Zoltán Hidasi, Balázs Czigler, Pál Salacz, Éva Csibri, Márk Molnár

Research output: Article

22 Citations (Scopus)

Abstract

Electroencephalographic measures combined with cognitive tasks are widely used for the assessment of cognitive and pathophysiological changes in Alzheimer's disease (AD). Instead of the analysis of EEG data obtained during the performance of the task, in this study data recorded in the immediate after-task period were analyzed. It was expected that this period would correspond to the electrophysiological consequences of the cognitive effort. Data of 14 patients with AD (MMS score: 16-24) were compared to that of 10 healthy control subjects. Reverse counting of a fix duration was used as a cognitive task. Changes of relative frequency spectra, and those of inter-and intrahemispheric coherence were analyzed. Relative theta power was significantly higher in AD patients compared to the controls both before and after the task. The performance of the task resulted in an increase of the relative alpha2 band in the AD group, whereas it slightly decreased in the control group. The most prominent coherence differences between AD and controls were found in the alpha1 band, especially for long-range coherence values. Coherence in this frequency band increased in the control group following the task, not seen in the AD group.
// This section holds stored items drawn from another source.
(* Expands [hom_coef i j m] and erases the entries of h killed by [hom_lower0]. *)
Local Ltac hom_coef_eq i j m :=
  move: (hom_coef i j m); rewrite !big_ord8 /nu /mu /F8 /=;
  repeat match goal with |- context [@fun_of_matrix _ _ _ h ?r ?c] =>
    rewrite (@hom_lower0 r c isT isT) end;
  let E := fresh in
  move=> E; first [ refine (etrans _ (etrans E _)); ring
                  | refine (etrans _ (etrans (esym E) _)); ring ].

Hypothesis h_unit : h \in unitmx.

Lemma hom_F8_scale : exists l, b2 = l * a2 /\ b4 = l * a4.
Proof.
have nz77 : h (o 7) (o 7) != 0.
  apply: contra (unitmx_row_neq0 (o 7) h_unit) => /eqP h77_0.
  apply/eqP/rowP => j; move: j; apply: ord8_ind; rewrite !mxE //; exact: hom_lower0.
have d5 : h (o 5) (o 5) = h (o 0) (o 0) * h (o 4) (o 4) by hom_coef_eq (o 0) (o 4) (o 5).
have d6 : h (o 6) (o 6) = h (o 0) (o 0) * h (o 5) (o 5) by hom_coef_eq (o 0) (o 5) (o 6).
have d7 : h (o 7) (o 7) = h (o 0) (o 0) * h (o 6) (o 6) by hom_coef_eq (o 0) (o 6) (o 7).
have c167 : h (o 1) (o 0) * h (o 6) (o 6) = 0 by hom_coef_eq (o 1) (o 6) (o 7).
have c157 : b2 * h (o 7) (o 7) =
    h (o 1) (o 0) * h (o 5) (o 6) + h (o 1) (o 1) * h (o 5) (o 5) * a2.
  by hom_coef_eq (o 1) (o 5) (o 7).
have c146 : (b2 + b4) * h (o 6) (o 6) =
    h (o 1) (o 0) * h (o 4) (o 5) + h (o 1) (o 1) * h (o 4) (o 4) * (a2 + a4).
  by hom_coef_eq (o 1) (o 4) (o 6).
exact: scale_of_iso_coefs nz77 d5 d6 d7 c167 c157 c146.
Qed.

End IsomorphismOfF8.

Lemma orbit_F8_scale (K : fieldType) (a2 a4 a5 a6 a7 a8 b2 b4 b5 b6 b7 b8 : K) :
  Defs.orbit (F8 0 a2 a4 a5 a6 a7 a8) (F8 0 b2 b4 b5 b6 b7 b8) ->
  exists l, b2 = l * a2 /\ b4 = l * a4.
Proof.
case=> g [g_unit g_mu]; apply: (hom_F8_scale (h := invmx g)).
  exact: orbit_br_hom.
by rewrite unitmx_inv.
Qed.

Lemma zeval_poly_curve (K : comNzRingType) (V : Type) (x : K -> V -> K)
    (px : V -> {poly K}) (p : zpoly K V) :
  (forall t v, x t v = (px v).[t]) -> exists q : {poly K}, forall t, q.[t] = zeval (x t) p.
Proof.
move=> xE; elim: p => [c|v|p1 [q1 q1E] p2 [q2 q2E]|p1 [q1 q1E] p2 [q2 q2E]].
- by exists c%:P => t; rewrite hornerC.
- by exists (px v) => t; rewrite /= xE.
- by exists (q1 + q2) => t; rewrite hornerD q1E q2E.
- by exists (q1 * q2) => t; rewrite hornerM q1E q2E.
Qed.

Lemma natr_inj_char0 (K : idomainType) :
  [pchar K] =i pred0 -> injective (fun n : nat => n%:R : K).
Proof.
move=> K0 m n /=; wlog le_mn : m n / (m <= n)%N.
  move=> hwlog; case: (leqP m n) => [/hwlog//|/ltnW le_nm /esym].
  by move/(hwlog _ _ le_nm)->.
move/eqP; rewrite eq_sym -subr_eq0 -natrB // ((pcharf0P K).1 K0) subn_eq0 => le_nm.
by apply/eqP; rewrite eqn_leq le_mn.
Qed.

Lemma poly_nonroot_natr (K : idomainType) (q : {poly K}) :
  [pchar K] =i pred0 -> q != 0 -> exists n, ~~ root q n.+1%:R.
Proof.
move=> K0 q_neq0; pose rs := [seq n.+1%:R : K | n <- iota 0 (size q)].
have : ~~ all (root q) rs.
  apply/negP => all_roots.
  suff /(max_poly_roots q_neq0 all_roots) : uniq rs by rewrite size_map size_iota ltnn.
  by rewrite map_inj_uniq ?iota_uniq // => m n /(natr_inj_char0 K0) [].
by case/allPn => _ /mapP[n _ ->]; exists n.
Qed.

Lemma transversal_direction (K : fieldType) (a2 a4 : K) :
  exists u v : K, forall t l, a2 + t * u = l * a2 -> a4 + t * v = l * a4 -> t = 0.
Proof.
have [->|a4_neq0] := eqVneq a4 0.
  by exists 0, 1 => t l _; rewrite !mulr0 add0r mulr1.
exists 1, 0 => t l; rewrite !mulr0 !mulr1 addr0 => E2 E4.
have l1 : l = 1 by apply: (mulIf a4_neq0); rewrite mul1r -E4.
by move: E2; rewrite l1 mul1r -{2}[a2]addr0 => /addrI.
Qed.

Lemma orbit_refl (K : fieldType) n (C : sconst K n) : Defs.orbit C C.
Proof.
exists 1%:M; split=> [|i j k]; first exact: unitmx1.
by rewrite /act invmx1 !mulmx1 br_evec mxE.
Qed.

Lemma F8_family_not_rigid (K : fieldType) (S : sconst K 8 -> Prop)
    (a2 a4 a5 a6 a7 a8 : K) :
  [pchar K] =i pred0 -> (forall b2 b4, S (F8 0 b2 b4 a5 a6 a7 a8)) ->
  ~ rigid_in S (F8 0 a2 a4 a5 a6 a7 a8).
Proof.
move=> K0 S_F8 [orbit_sub [P orbitP]].
have [u [v transversal]] := transversal_direction a2 a4.
pose curve t := F8 0 (a2 + t * u) (a4 + t * v) a5 a6 a7 a8.
pose pcurve := F8 0 (a2%:P + 'X * u%:P) (a4%:P + 'X * v%:P) a5%:P a6%:P a7%:P a8%:P.
have mu_orbit := orbit_refl (F8 0 a2 a4 a5 a6 a7 a8).
have [p [Pp p_mu]] := (orbitP _ (orbit_sub _ mu_orbit)).1 mu_orbit.
have [q qE] : exists q : {poly K}, forall t, q.[t] = zeval (coords (curve t)) p.
  apply: (@zeval_poly_curve _ _ (fun t => coords (curve t))
                                 (fun w => pcurve w.1.1 w.1.2 w.2)) => t w.
  by rewrite -[RHS]/(horner_eval t _) F8_rmorph /= /horner_eval !hornerE.
have q0 : q.[0] != 0 by rewrite qE /curve !mul0r !addr0; apply/eqP.
have [|n qn] := poly_nonroot_natr K0 (q := q).
  by apply: contraNneq q0 => ->; rewrite horner0.
have : Defs.orbit (F8 0 a2 a4 a5 a6 a7 a8) (curve n.+1%:R).
  by apply/(orbitP _ (S_F8 _ _)); exists p; split=> //; rewrite -qE; apply/eqP.
case/orbit_F8_scale => l [E2 E4].
by move/eqP: (transversal _ _ E2 E4); rewrite ((pcharf0P K).1 K0).
Qed.

Theorem proposition12 (K : closedFieldType) (hK : [pchar K] =i pred0)
    (a2 a4 a5 a6 a7 a8 : K) :
  let mu := F8 0 a2 a4 a5 a6 a7 a8 in
  ~ rigid_in (@Fil_var K 8) mu /\ ~ rigid_in (@Nil_var K 8) mu /\ ~ rigid_in (@Lie_var K 8) mu.
Proof.
move=> mu; split; [|split]; apply: F8_family_not_rigid hK _ => b2 b4.
- exact: Fil_F8.
- exact: (Fil_F8 b2 b4 a5 a6 a7 a8).1.
- exact: Lie_F8.
Qed.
We conclude that EEG parameters calculated from epochs following the completion of a cognitive task clearly differentiates patients with AD from normal controls. The electrophysiological changes found in AD may correspond to the decrease of functional connectivity of cortical areas and to the malfunctioning of the networks engaged in the cognitive task investigated.

Original languageEnglish
Pages (from-to)252-260
Number of pages9
JournalInternational Journal of Psychophysiology
Volume65
Issue number3
DOIs
Publication statusPublished - szept. 1 2007

ASJC Scopus subject areas

  • Neuroscience(all)
  • Neuropsychology and Physiological Psychology
  • Physiology (medical)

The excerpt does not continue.